Thats similar to how I do it. I have a virtual desktop for every task (with desktop 1 being my things without tasks/screwing around group), with at least one Firefox window open in every desktop....
Then, I have a Firefox window open for every subtask[1], which for example, could be a window full of documentation tabs, a window full of more documentation tabs for a different thing, and then a window full of even more documentation tabs for a third thing, all next to Eclipse, with a few vims open too for stuff I dont want open in Eclipse.
[1] I've actually started consolidating sub-task windows into tab groups inside Panorama/Eyecandy so its just one window per task. Control-space to bring up the local tab groups is very nifty.
I can believe you'd want 100+ tabs open, but I can't believe that flash wouldn't have forced a crash with even a dozen long running instances, unless you have the build with the new integrated flash plugin.
This isn't a problem with 150 tabs. An example of this problem is the firefox GWT developer mode plugin. When your app is compiling in this mode, which can take upwards of 30 seconds, the entire browser, including all tabs and windows, locks up. If for some reason the plugin screws up, you have to kill and restart the entire browser.
The beat detection section was most interesting to me, as I spent a lot of time trying (and mostly failing) to do reliable beat detection when I was in high school for an XMMS plugin. It amazes me that this is now possible in a web browser.
It'd be nice if one of the JS benchmarks actually POST'd the results back to the server, with current browser, and had a UI that allowed comparing the results for different browsers on different tests.

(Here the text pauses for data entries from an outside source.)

Lemma size_chain_from L k v : size (chain_from le L k v) <= n.
Proof. by rewrite -(card_uniqP (chain_from_uniq L k v)) max_card. Qed.

Lemma chain_from_stable L k v : size (chain_from le L k.+1 v) <= k ->
  chain_from le L k.+1 v = chain_from le L k v.
Proof.
elim: k v => [|k IH] v //=; case E: (Lsucc le L v) => [w|] //=.
by move=> H; rewrite -IH.
Qed.

Lemma chain_from_fuel L k v : n <= k -> chain_from le L k v = chain_from le L n v.
Proof.
elim: k => [|k IH] lnk; first by have -> : n = 0 by lia.
case: (ltnP n k.+1) => h; last by have -> : n = k.+1 by lia.
by rewrite chain_from_stable ?IH ?(leq_trans (size_chain_from L k.+1 v)).
Qed.

Lemma chain_from_end L k v :
  Lsucc le L (last v (behead (chain_from le L k.+1 v))) = None \/
  size (chain_from le L k.+1 v) = k.+1.
Proof.
elim: k v => [|k IH] v /=; first by case: (Lsucc le L v); right.
case E: (Lsucc le L v) => [w|] /=; last by left.
by case: (IH w) => /= H; [left | right; rewrite H].
Qed.

Definition promote_target (L : labeling T) (y : T) : option T :=
  if y \in pchain le L then Lsucc le L y else Some y.

Section Chain.
Variables (L : labeling T) (v1 : T).
Hypotheses (inj : injective L) (L_v1 : L v1 = 0 :> nat).

Lemma pchainE : exists s, [/\ pchain le L = v1 :: s, path (succ_rel L) v1 s &
  Lsucc le L (last v1 s) = None].
Proof.
have n_gt0 : 0 < n by apply/card_gt0P; exists v1.
rewrite /pchain; case: pickP => [v /eqP Hv|H]; last by move: (H v1); rewrite /= L_v1 eqxx.
have -> : v = v1 by apply: inj; apply: val_inj; rewrite /= Hv L_v1.
have -> : chain_from le L n v1 = chain_from le L n.-1.+1 v1 by rewrite prednK.
exists (behead (chain_from le L n.-1.+1 v1)).
split=> //; first exact: chain_from_path.
have E : chain_from le L n.-1.+2 v1 = chain_from le L n.-1.+1 v1.
  by rewrite !(chain_from_fuel L v1) // prednK.
case: (chain_from_end L n.-1.+1 v1); first by rewrite E.
by move=> H; have := size_chain_from L n.-1.+2 v1; rewrite H; lia.
Qed.

Lemma pchain_v1 : v1 \in pchain le L.
Proof. by have [s [-> _ _]] := pchainE; rewrite mem_head. Qed.

Lemma pchain_min y : y \in pchain le L -> y = v1 \/ plt v1 y.
Proof.
have [s [-> p _]] := pchainE; rewrite inE => /orP[/eqP -> | ys]; first by left.
right; have /allP := order_path_min plt_trans (sub_path (@succ_rel_plt L) p).
exact.
Qed.

Lemma Lsucc_pchainE y : y \in pchain le L ->
  Lsucc le L y = if (index y (pchain le L)).+1 < size (pchain le L)
                 then Some (nth y (pchain le L) (index y (pchain le L)).+1) else None.
Proof.
have [s [-> p hl]] := pchainE => yc.
have ilt : index y (v1 :: s) < size (v1 :: s) by rewrite index_mem.
have iy : nth y (v1 :: s) (index y (v1 :: s)) = y by rewrite nth_index.
case: ltnP => h.
  by have /eqP := (pathP y p) _ h; rewrite iy.
have ei : index y (v1 :: s) = size s by move: h ilt; rewrite [size _]/=; lia.
by rewrite -iy ei nth_last.
Qed.

Lemma promote_valE y : promote_val le L y =
  if promote_target L y is Some z then L z - 1 else n - 1.
Proof.
rewrite /promote_val /promote_target; case: ifP => // yc.
by rewrite (Lsucc_pchainE yc); case: ifP.
Qed.

Lemma promoteE y : promote le L y = promote_val le L y :> nat.
Proof.
rewrite /promote ffunE val_insubd promote_valE.
case: promote_target => [z|]; last by rewrite ifT // subn1 prednK //; apply/card_gt0P; exists v1.
by rewrite ifT // (leq_ltn_trans (leq_subr 1 _) (ltn_ord (L z))).
Qed.

Lemma pchain_succ y z : y \in pchain le L -> Lsucc le L y = Some z -> z \in pchain le L.
Proof.
by move=> yc; rewrite (Lsucc_pchainE yc); case: ifP => // h [<-]; rewrite mem_nth.
Qed.

Lemma pchain_pred z : z \in pchain le L -> z != v1 ->
  exists2 y, y \in pchain le L & Lsucc le L y = Some z.
Proof.
have [s [-> p _]] := pchainE; rewrite inE => /orP[-> // | zs] _.
have jlt : index z s < size s by rewrite index_mem.
exists (nth z (v1 :: s) (index z s)); first by rewrite mem_nth //= ltnS ltnW.
by have /eqP := (pathP z p) _ jlt; rewrite nth_index.
Qed.

Lemma pchain_last : exists2 y, y \in pchain le L & Lsucc le L y = None.
Proof. by have [s [-> _ hl]] := pchainE; exists (last v1 s); rewrite ?mem_last. Qed.

Lemma labeling_pos y : y != v1 -> 0 < L y.
Proof.
by rewrite lt0n; apply: contra_neq => Ly0; apply: inj; apply: val_inj; rewrite /= Ly0 L_v1.
Qed.
Lemma in_Sigma''_cover i k : in_Sigma gamma i k ->
  exists2 j, in_Sigma'' t gamma j k & (tq t k j <= tq t k i)%MM.
Proof.
(* Rule 1 lowers the index without raising mdeg (tq t k _); Rule 2 lowers the degree. *)
have [N] := ubnP (mdeg (tq t k i) * s + i); elim: N => // N IH in i *.
rewrite ltnS => ltN ik.
have [ik''|/(not_in_Sigma''_rules ik) [[j [ji gj /tdivP kji]]|[j [ij jk gj /tdivP kji nkji]]]] :=
  classic (in_Sigma'' t gamma i k); first by exists i => //; apply: lepm_refl.
- have ltN' : (mdeg (tq t k j) * s + j < N)%N.
    by have := leq_mul (mdeg_lem kji) (leqnn s); lia.
  have [l l'' klj] := IH j ltN' (conj (ltn_trans ji ik.1) gj).
  by exists l => //; apply: lepm_trans kji.
- have ltN' : (mdeg (tq t k j) * s + j < N)%N.
    by have := leq_mul (mdeg_ltm kji (introN eqP nkji)) (leqnn s); have := ltn_ord j; lia.
  have [l l'' klj] := IH j ltN' (conj jk gj).
  by exists l => //; apply: lepm_trans kji.
Qed.

End Rules.

Section CriticalSyzygies.
Variables (n : nat) (K : fieldType) (r s : nat).
Variables (t : 'I_s -> 'X_{1..n}) (gamma : 'I_s -> 'I_r) (c : 'I_s -> K).
Hypothesis c_neq0 : forall i, c i != 0.

Definition ncrit_syz (i k : 'I_s) : vec n K s := (- c k) *: crit_syz t c i k.

Lemma ncrit_syzE i k l : i != k -> ncrit_syz i k l =
  if l == k then 'X_[tq t k i] else if l == i then - (c k / c i) *: 'X_[tq t i k] else 0.
Proof.
move=> ik; rewrite /ncrit_syz /crit_syz !ffunE.
have [->|lk] := eqVneq l k.
  rewrite eq_sym (negbTE ik) sub0r scaleNr scalerN opprK scalerA.
  by rewrite mulrV ?unitfE // scale1r tlcmC.
by rewrite subr0; case: ifP; rewrite ?scaler0 // scalerA mulNr.
Qed.

Lemma vsupp_ncrit_syz i k y : i != k ->
  vsupp (ncrit_syz i k) y <-> y = (tq t i k, i) \/ y = (tq t k i, k).
Proof.
move=> ik; case: y => m l; rewrite /vsupp /= ncrit_syzE //.
have cki : - (c k / c i) != 0 by rewrite oppr_eq0 mulf_neq0 ?invr_eq0.
have [->|lk] := eqVneq l k.
  rewrite msuppX mem_seq1; split => [/eqP ->|[[_ eki]|[->]]]; [by right| |by []].
  by rewrite eki eqxx in ik.
have [->|li] := eqVneq l i.
  rewrite msuppMCX // mem_seq1; split => [/eqP ->|[[->]|[_ eik]]]; [by left|by []|].
  by rewrite eik eqxx in ik.
by rewrite msupp0; split => // -[] [_ eli]; [move: li|move: lk]; rewrite eli eqxx.
Qed.

Lemma ncrit_syz_LT sigma i k : in_Sigma gamma i k ->
  is_LT (tau_ord t gamma sigma) (ncrit_syz i k) (tq t k i, k).
Proof.
move=> [ik gik]; have nik : i != k by rewrite neq_ltn ik.
split=> [|y /vsupp_ncrit_syz -/(_ nik) [->|->]]; last exact: tau_ord_refl.
  by apply/vsupp_ncrit_syz => //; right.
have same : ((tq t i k + t i)%MM, gamma i) = ((tq t k i + t k)%MM, gamma k).
  by rewrite !tq_addm tlcmC gik.
by apply/(tau_ord_same_image _ same)/ltnW.
Qed.
Lemma probability_preimage_iter k A : measurable A -> P (iter k f @^-1` A) = P A.
Proof.
elim: k A => [//|k IH] A mA.
have -> : iter k.+1 f @^-1` A = iter k f @^-1` (f @^-1` A) by [].
by rewrite IH ?P_f //; rewrite -[X in measurable X]setTI; exact: mf.
Qed.

Lemma no_return_measurable A : measurable A -> measurable (no_return f A).
Proof.
move=> mA; have -> : no_return f A = A `&` \bigcap_k (iter k.+1 f @^-1` (~` A)).
  by apply/seteqP; split => x [Ax never]; split => // k; [move=> _|]; exact: never.
apply: measurableI => //; apply: bigcapT_measurable => k.
exact/measurable_preimage_iter/measurableC.
Qed.

Lemma no_return_probability0 A : measurable A -> P (no_return f A) = 0%E.
Proof.
move=> mA; have mB := no_return_measurable mA; set B := no_return f A in mB *.
have PB_fin : P B = (fine (P B))%:E.
  by rewrite fineK // ge0_fin_numE // (le_lt_trans (probability_le1 P mB)) ?ltey.
set p := fine (P B) in PB_fin.
apply/eqP; rewrite eq_le measure_ge0 andbT PB_fin lee_fin leNgt; apply/negP => p_gt0.
have mC j : measurable (iter j f @^-1` B) := measurable_preimage_iter j mB.
have PC : P (\bigcup_j iter j f @^-1` B) = +oo%E.
  apply: (@measure_bigcup_recurrent _ _ _ P _ (p / 2)) => //.
  - exact: trivIset_preimage_iter_no_return.
  - by rewrite divr_gt0.
  - by move=> K; exists K => //; rewrite /= probability_preimage_iter // PB_fin lte_fin; lra.
by have := probability_le1 P (bigcup_measurable (P := setT) (fun j _ => mC j)); rewrite PC.
Qed.

Theorem poincare_recurrence A : measurable A ->
  {ae P, forall x, A x -> forall K, exists2 k, (K <= k)%N & A (iter k f x)}.
Proof.
move=> mA; have mB := no_return_measurable mA.
have : P.-negligible (\bigcup_j iter j f @^-1` no_return f A).
  apply: negligible_bigcup => j; exists (iter j f @^-1` no_return f A).
  split; [exact: measurable_preimage_iter | | by []].
  exact: etrans (probability_preimage_iter j mB) (no_return_probability0 mA).
apply: negligibleS => x /= /not_implyP [Ax] /existsNP [K never].
have [j Bj] : exists j, no_return f A (iter j f x).
  by apply: (@iter_no_return _ _ _ _ K Ax) => k Kk Ak; apply: never; exists k.
by exists j.
Qed.

End poincare_recurrence.

Section stationary_halfspaces.
Variables (R : realType) (d : nat).
Implicit Types (x y z u : 'rV[R]_d).

Lemma ball_translate c (r : R) s :
  [set b + s | b in (ball c r : set 'rV[R]_d)] = ball (c + s) r.
Proof.
apply/seteqP; split => [_ [b cb <-]|y cy].
  by move: cb; rewrite -!ball_normE /= opprD addrACA subrr addr0.
exists (y - s); last by rewrite subrK.
by move: cy; rewrite -!ball_normE /= opprB addrA addrAC.
Qed.

Lemma trivIset_ball_axis (i : 'I_d) (c rho : R) : `|c| = 2 * rho ->
  trivIset setT (fun k : nat => ball (k%:R *: (c *: delta_mx ord0 i)) rho : set 'rV[R]_d).
Proof.
set s : 'rV[R]_d := c *: delta_mx ord0 i => normc.
have near_coord k y : ball (k%:R *: s) rho y -> `|y ord0 i - k%:R * c| < rho.
  have s_i : (k%:R *: s) ord0 i = k%:R * c by rewrite !mxE !eqxx mulr1.
  rewrite -ball_normE /= distrC -s_i => ky; apply: le_lt_trans ky.
  by have := coord_le_norm (y - k%:R *: s) i; rewrite !mxE.
apply: ltn_trivIset => l k kl; apply/seteqP; split => // y [ky ly]; exfalso.
have rho_gt0 : 0 < rho by move: (near_coord k y ky); apply: le_lt_trans.
have := ler_distD (y ord0 i) (l%:R * c) (k%:R * c).
rewrite -mulrBl normrM normc -natrB; last exact: ltnW.
rewrite normr_nat (distrC (l%:R * c)).
have : 2 * rho <= (l - k)%:R * (2 * rho).
  by apply: ler_peMl; [rewrite mulr_ge0 // ltW | rewrite ler1n subn_gt0].
move: (near_coord k y ky) (near_coord l y ly); set n : R := (l - k)%:R; lra.
Qed.

Lemma ball_axis_sub_halfspace u a (i : 'I_d) (c rho : R) : 0 < c * u ord0 i ->
  exists K0, forall k, (K0 <= k)%N ->
    ball (k%:R *: (c *: delta_mx ord0 i)) rho `<=` open_halfspace u a.
Proof.
set s : 'rV[R]_d := c *: delta_mx ord0 i => cu_gt0.
exists (Num.truncn ((a + d%:R * `|u| * rho) / (c * u ord0 i))).+1 => k K0k y ky.
have : (a + d%:R * `|u| * rho) / (c * u ord0 i) < k%:R.
  by apply: lt_le_trans (truncnS_gt _) _; rewrite ler_nat.
rewrite ltr_pdivrMr // => ak.
have : `|dotv u (y - k%:R *: s)| <= d%:R * `|u| * rho.
  apply: le_trans (dotv_norm_le _ _) _; rewrite ler_wpM2l ?mulr_ge0 //.
  by move: ky; rewrite -ball_normE /= distrC => /ltW.
rewrite ler_norml dotvBr dotvZr dotvZr dotv_delta /open_halfspace /= => /andP[+ _].
move: ak; set D := d%:R * `|u| * rho; set K := k%:R * (c * u ord0 i); lra.
Qed.

Lemma halfspace_measure_infinite (mu : {measure set (borelRd R d) -> \bar R})
    u a (i : 'I_d) (c rho eps : R) :
  0 < eps -> `|c| = 2 * rho -> 0 < c * u ord0 i ->
  (forall K, exists2 k, (K <= k)%N &
     (eps%:E < mu (ball (k%:R *: (c *: delta_mx ord0 i)) rho))%E) ->
  mu (open_halfspace u a) = +oo%E.
Proof.
move=> eps_gt0 normc cu_gt0 rec; have [K0 inH] := ball_axis_sub_halfspace a rho cu_gt0.
pose F k := open_halfspace u a `&` ball (k%:R *: (c *: delta_mx ord0 i)) rho.
have mF k : measurable (F k).
  exact: measurableI (open_halfspace_measurable u a) (ball_measurable _ _).
have recF K : exists2 k, (K <= k)%N & (eps%:E < mu (F k))%E.
  have [k Kk epsk] := rec (maxn K K0); exists k; first exact: leq_trans (leq_maxl _ _) Kk.
  by rewrite /F setIidr //; apply: inH; exact: leq_trans (leq_maxr _ _) Kk.
have tF : trivIset setT F by apply: trivIset_setIl; exact: trivIset_ball_axis.
apply/eqP; rewrite eq_le leey /= -(measure_bigcup_recurrent mF tF eps_gt0 recF).
apply: le_measure; rewrite ?inE; last by move=> y [k _ []].
  exact: bigcup_measurable.
exact: open_halfspace_measurable.
Qed.
(* Let $d=2$, write $z=(z_1,z_2)$, and for $r\ge2$ let $D_r=\{z\in\mathbb{R}^2:z_1\ge0,\ 2\le|z|\le r\}$. There exists a constant $c>0$ such that for all Borel $U:\mathbb{R}^2\to[0,\infty]$ and all $r\ge2$, $$\int_{D_r}K(1,z,(r,0))\,U(z)\,dz\le c\sup_{w\in\mathbb{R}^2}\int_{|z|\le2}U(z+w)\,dz,$$ where $K(1,z,(r,0))=e^{-\frac12 r(|z|-z_1)}\log\big(1+(r|z|)^{-1/2}\big)\mathbf 1_{|z|\le r}$. *)

From HB Require Import structures.
From mathcomp Require Import all_boot all_order all_algebra.
From mathcomp Require Import all_classical all_reals all_analysis.
From mathcomp Require Import measurable_realfun.
Set Implicit Arguments. Unset Strict Implicit. Unset Printing Implicit Defensive.
Import Order.TTheory GRing.Theory Num.Theory.
Local Open Scope ring_scope.
Local Open Scope classical_set_scope.

Definition norm2 {R : realType} (z : R * R) : R := Num.sqrt (z.1 ^+ 2 + z.2 ^+ 2).

Definition leb2 (R : realType) := ((@lebesgue_measure R) \x (@lebesgue_measure R))%E.

Definition Dr {R : realType} (r : R) : set (R * R) :=
  [set z | 0 <= z.1 /\ 2 <= norm2 z <= r].

Definition K1 {R : realType} (r : R) (z : R * R) : R :=
  expR (- (2^-1 * r * (norm2 z - z.1))) * ln (1 + (r * norm2 z) `^ (- 2^-1))
  * (\1_[set y | norm2 y <= r] z).

Definition ball2 {R : realType} : set (R * R) := [set z | norm2 z <= 2].

From HB Require Import structures.
From mathcomp Require Import all_boot all_order all_algebra.
From mathcomp Require Import all_classical all_reals all_analysis.
From mathcomp Require Import measurable_realfun ring lra.
Import Order.TTheory GRing.Theory Num.Theory.
Local Open Scope ring_scope.
Local Open Scope classical_set_scope.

Both Kraken and Sunspider provide results in a form that you can copy and paste, and a UI for comparing results from different browsers. (But they don't let you view results from previous users, which I guess might be what you're asking for.)
Also, given the number of 'fans' on the Internet, I suspect that such a tool would have serious issues with users tweaking the benchmark and uploading fake data.
What's probably more interesting is the order of other browsers (for which this benchmark should be less tuned) - again Opera performed very well (and better than Chrome).